Home Diabetes and Endocrinology UWF Retinal Imaging Process Could Reduce Practice Burden

UWF Retinal Imaging Process Could Reduce Practice Burden

Real-time ultrawide field retinal imaging has high sensitivity, specificity for detecting referable DR

FRIDAY, June 5, 2015 (HealthDay News) — Real-time ultrawide field (UWF) retinal image evaluation by nonphysician imagers can accurately detect diabetic retinopathy (DR) and help reduce center image grading burden, according to a study published online June 1 in Diabetes Care.

Paolo S. Silva, M.D., from the Joslin Diabetes Center in Boston, and colleagues examined the ability of trained nonphysician retinal imagers to perform DR assessment at the time of UWF retinal imaging. A total of 3,978 eyes of 1,989 patients with diabetes were imaged, of which 94.7 percent were gradable for DR. At the time of capture, retinal imagers evaluated UWF images for referable DR. Imagers underwent training that included four hours of standardized didactic lectures and 12 hours of guided image review. Real-time assessments were compared with standard masked gradings that were performed at a centralized reading center.

The researchers found that 36.5 percent of eyes had DR and 15.3 percent had referable DR. Real-time image evaluation had a sensitivity and specificity for identifying more than minimal DR of 0.95 and 0.84, respectively, compared with the centralized center. For detecting referable DR, the specificity and sensitivity of real-time image evaluation was 0.99 and 0.76, respectively. Three of 580 patients with referable DR were not identified with real-time imager evaluation.

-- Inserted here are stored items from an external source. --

(* For every variable-free formula $\psi$, the logics $\mathrm{E4}+\psi$, $\mathrm{S04}+\psi$ and $\mathrm{EMC4}+\psi$ have the finite model property (there is a class of finite neighborhood frames whose set of valid formulas is exactly the logic).
   Context: Modal formulas are built from a countable set $Var$ of propositional variables using $\neg$, $\wedge$ and the unary operator $\Box$; a formula is variable-free if no element of $Var$ occurs in it except within the constants $\top$, $\bot$ (here $\top:=\neg(p\wedge\neg p)$, $\bot:=p\wedge\neg p$ are treated as constants). A (modal) logic is a set of formulas containing all classical tautologies and closed under modus ponens, uniform substitution, and the rule (RE): from $\varphi\leftrightarrow\psi$ infer $\Box\varphi\leftrightarrow\Box\psi$. $\mathrm{E}$ is the smallest logic; $\mathrm{L}+\psi$ is the smallest logic containing $\mathrm{L}\cup\{\psi\}$. Axioms: $(4)\ \Box p\to\Box\Box p$; $(\mathrm{T})\ \Box p\to p$; $(\mathrm{M})\ \Box(p\wedge q)\to(\Box p\wedge\Box q)$; $(\mathrm{C})\ (\Box p\wedge\Box q)\to\Box(p\wedge q)$. $\mathrm{E4}=\mathrm{E}+4$, $\mathrm{EMC4}=\mathrm{E4}+\mathrm{M}+\mathrm{C}$, $\mathrm{S04}=\mathrm{E4}+\mathrm{T}+\mathrm{M}$. A neighborhood frame is $(W,\bm{\Box})$ with $W\neq\varnothing$, $\bm{\Box}:\mathcal P(W)\to\mathcal P(W)$; models add $V:Var\to\mathcal P(W)$; truth sets: $|p|_M=V(p)$, $|\neg\varphi|_M=W\setminus|\varphi|_M$, $|\varphi\wedge\psi|_M=|\varphi|_M\cap|\psi|_M$, $|\Box\varphi|_M=\bm{\Box}|\varphi|_M$; $\varphi$ is valid on a frame if $|\varphi|_M=W$ for all models $M$ on it. *)

From mathcomp Require Import all_boot.
Unset Printing Implicit Defensive.

Inductive form : Type :=
| Var : nat -> form
| Neg : form -> form
| And : form -> form -> form
| Box : form -> form.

“This study demonstrates that appropriately trained and certified imagers following a defined imaging and grading protocol can accurately evaluate images for the presence of either DR or referable DR at the time of UWF retinal imaging,” the authors write. “With immediate image evaluation, <0.1 percent of patients with referable DR would be missed, reading center image grading burden would be reduced by 60 percent, and patient feedback would be expedited.”